If you look at the details contained within the soon to be released ISA 99.03.03 (which will probably be released as IEC 62443-3-3), VLANs can in fact be used for network segmentation for these security Zones that possess a Security Assurance Level (SAL) of 1 [reference SR 5.2]. This may seem insignificant, but when you consider that based on the recent RISI data, most ICS events are in fact caused by "accidental" or "unintentional" actions from "insiders". This is how I would interpret SAL-1 controls for SR 5.2.

Remember, if you can't "prevent" an attack, make sure that you can "detect" it once it occurs, and have the necessary controls in place to "contain", "mitigate" and "investigate" the event.

Stay secure!

Hi Joel.

When considering VLANs as one of the components of your network security architecture, one has to make sure that the technology implemented in the LAN is really "Secure" and not "Leaky" as described above. Only then can you be sure that the VLAN actually segments traffic. Usually, all Technical Reports, White Papers and Standards (including IEEE 802.1Q) assume that this is the case with VLANs, but you can't rely on it... as it is specific to the silicon that is used in the switches.
So when you have a leaky implementation, you can still use it for means of protecting your network against bandwidth starvation by implementing CoS (Class of Service) features. But only a "secure" implementation really gives you the opportunity to do both: Network/Traffic Segmentation and CoS.

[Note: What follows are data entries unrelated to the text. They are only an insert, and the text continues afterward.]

Lemma lyapunov_step_batch x al ax (I : {ffun 'I_b -> 'I_n}) : h x = Some ax ->
  \big[Rplus/0]_(J : {ffun 'I_b -> 'I_n}) Psi (saga_step eta gf h (x, al) (I, J))
  <= NJ * (favg f x + ax - eta / 2 * norm2 (grad_map eta (gradavg gf) h x))
     + NJ * (eta / 2) * norm2 (vsub (saga_dir gf x al I) (gradavg gf x))
     + c * Q * (1 + be) * table_dist x al.
Proof.
move=> Ex; set xp := prox eta h (vsub x (vscale eta (saga_dir gf x al I))).
have be0 : 0 < be by apply: Rdiv_lt_0_compat; lra.
under eq_bigr do rewrite saga_stepE.
rewrite /lyapunov /= big_split /= rsum_const card_ffun_ord -rsumMl -/xp.
have table := rsum_table_dist_update b xp x al n_gt0 be0.
have step := prox_step_descent n_gt0 (Rlt_le _ _ L0) eta0 fgrad fsmooth hproper hconvex hlsc
  (saga_dir gf x al I) Ex; rewrite -/xp in step.
rewrite (_ : / (2 * eta) - L / 2 = 2 * L) in step; last by field; lra.
have QleNJ : Q <= NJ.
  by apply: (Rmult_le_reg_r (INR n)) => //; have := pos_INR ((n - 1) ^ b); nra.
have coef := saga_coef_distance_le b1 (Rle_trans _ _ _ b1 bn) NJ0 (pos_INR _) QleNJ L0.
have := norm2_ge0 (vsub xp x).
set A := norm2 (vsub xp x) in step table *; set S := \big[Rplus/0]_J _ in table *.
move=> A0; have : c * S <= c * (NJ * A + Q * (/ be * A) + Q * (1 + be) * table_dist x al).
  by apply: Rmult_le_compat_l; lra.
have : c * (NJ + Q * / be) * A <= 2 * L * NJ * A by apply: Rmult_le_compat_r.
nra.
Qed.

Lemma lyapunov_step x al ax : h x = Some ax ->
  \big[Rplus/0]_(D : draw n b) Psi (saga_step eta gf h (x, al) D)
  <= INR #|{: draw n b}| * (Psi (x, al) - eta / 2 * norm2 (grad_map eta (gradavg gf) h x)).
Proof.
move=> Ex; rewrite (eq_bigr (fun D : draw n b => Psi (saga_step eta gf h (x, al) (D.1, D.2))));
  last by case.
rewrite -(pair_bigA _ (fun I J : {ffun 'I_b -> 'I_n} => Psi (saga_step eta gf h (x, al) (I, J)))).
apply: Rle_trans (rsum_le (P := xpredT) (fun I _ => lyapunov_step_batch al I Ex)) _.
rewrite !big_split /= !rsum_const -rsumMl card_prod mult_INR !card_ffun_ord /lyapunov /= /hval Ex.
have := saga_dir_variance n_gt0 b_gt0 fsmooth x al.
have := saga_coef_table_le b1 bn b3_n2 NJ0 (pos_INR _) QNJ L0.
have := table_dist_ge0 x al n_gt0.
set G := norm2 _; set V := \big[Rplus/0]_I _; set S := table_dist x al.
move=> S0 coef var.
have : NJ * S * (NJ * (eta / 2) * (L * L / INR b) + c * Q * (1 + be)) <= NJ * S * (c * NJ).
  by apply: Rmult_le_compat_l => //; nra.
have : NJ * (eta / 2) * V <= NJ * (eta / 2) * (NJ * (L * L / INR b) * S).
  by apply: Rmult_le_compat_l => //; nra.
nra.
Qed.

End SagaLyapunov.

(** * Convergence rate *)

Section SagaTrajectory.
Variables (n d b T : nat) (eta : R).
Variables (gf : 'I_n -> vec d -> vec d) (h : vec d -> option R) (x0 : vec d).

Definition saga_state (w : {ffun 'I_T -> draw n b}) (k : nat) : state d n :=
  foldl (saga_step eta gf h) (x0, fun _ => x0) (take k [seq w i | i <- enum 'I_T]).

Lemma saga_state0 w : saga_state w 0 = (x0, fun _ => x0).
Proof. by rewrite /saga_state take0. Qed.

Lemma saga_stateS w (t : 'I_T) : saga_state w t.+1 = saga_step eta gf h (saga_state w t) (w t).
Proof.
rewrite /saga_state (take_nth (w t)); last by rewrite size_map size_enum_ord.
by rewrite foldl_rcons (nth_map t) ?size_enum_ord // nth_ord_enum.
Qed.

Lemma saga_state_fupd w (t : 'I_T) D : saga_state (fupd w t D) t = saga_state w t.
Proof.
rewrite /saga_state -!(map_take _ _ (enum 'I_T)); congr foldl.
apply/eq_in_map => i /index_ltn.
by rewrite index_enum_ord => it; apply: fupd_neq; apply: contraTneq it => ->; rewrite ltnn.
Qed.

Lemma saga_state_inv (P : state d n -> Prop) w k :
  P (x0, fun _ => x0) -> (forall s (D : draw n b), P s -> P (saga_step eta gf h s D)) ->
  P (saga_state w k).
Proof.
move=> P0 Pstep; rewrite /saga_state.
by elim: (take _ _) (x0, fun _ => x0) P0 => [|D l IH] s Ps //=; apply/IH/Pstep.
Qed.

End SagaTrajectory.

Section SagaRate.
Variables (n d b T : nat) (L : R).
Variables (f : 'I_n -> vec d -> R) (gf : 'I_n -> vec d -> vec d) (h : vec d -> option R).
Variables (x0 : vec d) (a : R).
Hypothesis n_gt0 : (0 < n)%N.
Hypothesis b_gt0 : (0 < b)%N.
Hypothesis b_le_n : (b <= n)%N.
Hypothesis b3_n2 : INR b * INR b * INR b = INR n * INR n.
Hypothesis L0 : 0 < L.
Hypothesis fgrad : forall i, has_gradient (f i) (gf i).
Hypothesis fsmooth : forall i, L_smooth L (gf i).
Hypothesis hproper : proper_fn h.
Hypothesis hconvex : convex_fn h.
Hypothesis hlsc : lsc_fn h.
Hypothesis x0_dom : h x0 = Some a.

Local Notation eta := (1 / (5 * L)).
Local Notation Psi := (lyapunov f h (saga_coef n b L)).
Local Notation state_at := (@saga_state n d b T eta gf h x0).
Local Notation gap x := (norm2 (grad_map eta (gradavg gf) h x)).

Let eta0 : 0 < eta. Proof. by apply: Rdiv_lt_0_compat; lra. Qed.

Lemma saga_state_dom w k : h (state_at w k).1 = Some (hval h (state_at w k).1).
Proof.
apply: (saga_state_inv (P := fun s => h s.1 = Some (hval h s.1))) => [|[x al] [I J] _].
  by rewrite /hval x0_dom.
exact/hvalE/(prox_in_dom eta0 hproper hconvex hlsc).
Qed.

Lemma expected_lyapunov_step (t : 'I_T) :
  \big[Rplus/0]_w Psi (state_at w t.+1)
  <= \big[Rplus/0]_w (Psi (state_at w t) - eta / 2 * gap (state_at w t).1).
Proof.
apply: (Rmult_le_reg_l (INR #|{: draw n b}|)).
  apply/lt_0_INR/ltP/card_gt0P.
  by have i0 : 'I_n := Ordinal n_gt0; exists ([ffun _ => i0], [ffun _ => i0]).
under eq_bigr do rewrite saga_stateS.
rewrite (rsum_ffun_resample t) rsumMl; apply: rsum_le => w _.
under eq_bigr do rewrite saga_state_fupd fupd_eq.
move: (saga_state_dom w t); case: (state_at w t) => x al xdom.
exact (lyapunov_step n_gt0 b_gt0 b_le_n b3_n2 L0 fgrad fsmooth hproper hconvex hlsc al xdom).
Qed.

Lemma saga_sum_gap_le_lyapunov :
  \big[Rplus/0]_(k < T) \big[Rplus/0]_w gap (state_at w k).1
  <= 10 * L * (\big[Rplus/0]_w Psi (state_at w 0) - \big[Rplus/0]_w Psi (state_at w T)).
Proof.
rewrite (_ : 10 * L = / (eta / 2)); last by field; lra.
apply: (Rmult_le_reg_l (eta / 2)); first lra.
rewrite -Rmult_assoc Rinv_r ?Rmult_1_l; last lra.
rewrite rsumMl.
apply: (rsum_telescope (g := fun k => eta / 2 * \big[Rplus/0]_w gap (state_at w k).1)
                       (P := fun k => \big[Rplus/0]_w Psi (state_at w k))) => t tT.
have : \big[Rplus/0]_w Psi (state_at w t.+1)
    <= \big[Rplus/0]_w (Psi (state_at w t) - eta / 2 * gap (state_at w t).1).
  exact: expected_lyapunov_step (Ordinal tT).
by rewrite rsumB -rsumMl; lra.
Qed.

Lemma saga_sum_gap_le_subopt xs s : is_global_min (favg f) h xs -> h xs = Some s ->
  \big[Rplus/0]_(k < T) \big[Rplus/0]_w gap (state_at w k).1
  <= 10 * L * (INR #|{ffun 'I_T -> draw n b}| * (favg f x0 + a - (favg f xs + s))).
Proof.
move=> xs_min xs_dom; apply: Rle_trans (saga_sum_gap_le_lyapunov) _.
apply: Rmult_le_compat_l; first lra.
rewrite Rmult_minus_distr_l -!rsum_const; apply: Rplus_le_compat.
  apply: Req_le; apply: eq_bigr => w _.
  by rewrite saga_state0 /lyapunov /= table_dist_const /hval x0_dom; ring.
apply/Ropp_le_contravar/rsum_le => w _.
apply: (lyapunov_ge_min n_gt0 _ xs_min xs_dom (saga_state_dom w T)).
exact: saga_coef_ge0 n_gt0 (Rlt_le _ _ L0).
Qed.

End SagaRate.

Lemma Expect_prod_ord (W : finType) (T : nat) (X : W -> 'I_T -> R) :
  Expect (fun p : (W * 'I_T)%type => X p.1 p.2)
  = (\big[Rplus/0]_(k < T) \big[Rplus/0]_w X w k) / (INR #|W| * INR T).
Proof. by rewrite /Expect -(pair_bigA _ X) exchange_big card_prod mult_INR card_ord. Qed.

Theorem theorem4 (n d b T : nat) (L : R)
  (f : 'I_n -> vec d -> R) (gf : 'I_n -> vec d -> vec d)
  (h : vec d -> option R) (x0 xs : vec d) :
  (1 <= n)%N -> (1 <= d)%N -> 0 < L ->
  (forall i, has_gradient (f i) (gf i)) ->
  (forall i, L_smooth L (gf i)) ->
  proper_fn h -> convex_fn h -> lsc_fn h -> closed_dom h ->
  is_global_min (favg f) h xs ->
  (b ^ 3 = n ^ 2)%N ->
  (1 <= T)%N ->
  forall a s, h x0 = Some a -> h xs = Some s ->
  Expect (fun w : ({ffun 'I_T -> draw n b} * 'I_T)%type =>
            norm2 (grad_map (1 / (5 * L)) (gradavg gf) h
                     (saga_x (1 / (5 * L)) gf h x0 w.1 w.2)))
  <= 50 * L * ((favg f x0 + a) - (favg f xs + s)) / (3 * INR T).
Proof.
move=> n_gt0 _ L0 fgrad fsmooth hproper hconvex hlsc _ xs_min b3 T_gt0 a s x0_dom xs_dom.
have b3N : (b * b * b = n * n)%N by move: b3; rewrite !expnS expn0 !muln1 mulnA.
have b_gt0 : (0 < b)%N by nia.
have b_le_n : (b <= n)%N by nia.
have b3R : INR b * INR b * INR b = INR n * INR n by rewrite -!mult_INR !multE b3N.
have := saga_sum_gap_le_subopt T n_gt0 b_gt0 b_le_n b3R L0 fgrad fsmooth hproper hconvex hlsc x0_dom
  xs_min xs_dom.
rewrite (Expect_prod_ord (fun w k => norm2 (grad_map (1 / (5 * L)) (gradavg gf) h
  (saga_x (1 / (5 * L)) gf h x0 w k)))).
set S := \big[Rplus/0]_(k < T) _; set NW := INR #|_|; set D := _ - _ => SD.
have NW0 : 0 < NW.
  apply/lt_0_INR/ltP/card_gt0P; have i0 : 'I_n := Ordinal n_gt0.
  by exists [ffun _ => ([ffun _ => i0], [ffun _ => i0])].
have T1 : 1 <= INR T by exact/(le_INR 1)/leP.
have D0 : 0 <= D by have := xs_min x0; rewrite xs_dom x0_dom /= /D; lra.
have -> : 50 * L * D / (3 * INR T) = 50 / 3 * L * D * NW / (NW * INR T) by field; lra.
apply: Rmult_le_compat_r; first by apply/Rlt_le/Rinv_0_lt_compat; nra.
have : 0 <= L * (NW * D) by apply: Rmult_le_pos; nra.
lra.
Qed.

And I agree with your statement, that detection is just as important as containment, mitigation and prevention. In modern switched automation networks, usually a Network Management System is in place that configures and monitors all network devices. It usually can draw a topology map and can alert the user to any deviation from standard operation, such as failing links, deviation from standard network load, device administration, etc.

This is why I always say that security in modern, switched automation networks is and can never be a single feature and a single device, but everything comes down to getting your systemic approach right. Too many people are still thinking in fixed terms: "This is a firewall, it will make my network secure." or "This is a switch, it will transport my frames." There is no single, simple answer. But the more you think in systems and utilize all strengths of the involved technologies, the more secure and robust your network will be. Understanding your specific VLAN (implementation) and how it can be used is one piece of the puzzle.

When is it ok to share your virtualized infrastructure and when not. Consider the following:
An off-shore oil rig needs Internet access for its on-site contractors, a local business LAN for common access to local file and printers and on-shore email, two CCTV networks one for security and one for watching the flares and compressors, a bunch of LCN's, some CSN's, a PCN, wi-fi for the maintenance crew and wireless to some instruments, IP phones, a DMZ to buffer the business net from the ICS, and a remote operations center on-shore. Firewalls are used to enable restricted access between security zones.

To minimize cable runs and switch counts, the network design team makes heavy use of vlan trunking. The data flow diagrams are reviewed and determine the right controls are in place and testing shows only authorized IP addrs can get to where they need to.

However, the many LAN switches have Internet, ICS, SIS, IP phone, business LAN/PIN ports on them. Adding to the mix are VIrtualized hosts on common hypervisor servers running OS's for the ICS and PIN... also trucked to these same switches. Going to shore - MPLS, or VRF router virtualization is used.

ISA-95, ISA-99/IEC-62443 do not appear to address virtualized layer-2, layer-3 and higher, nor where virtualized services are shared among level 2, 3, 3.5 nor 4. Yes, we're using layer 3 firewalls, but missing all the traffic that is running around and parallel to it.

We need some standards around virtualization - and not be limited to how it's used within a single security zone.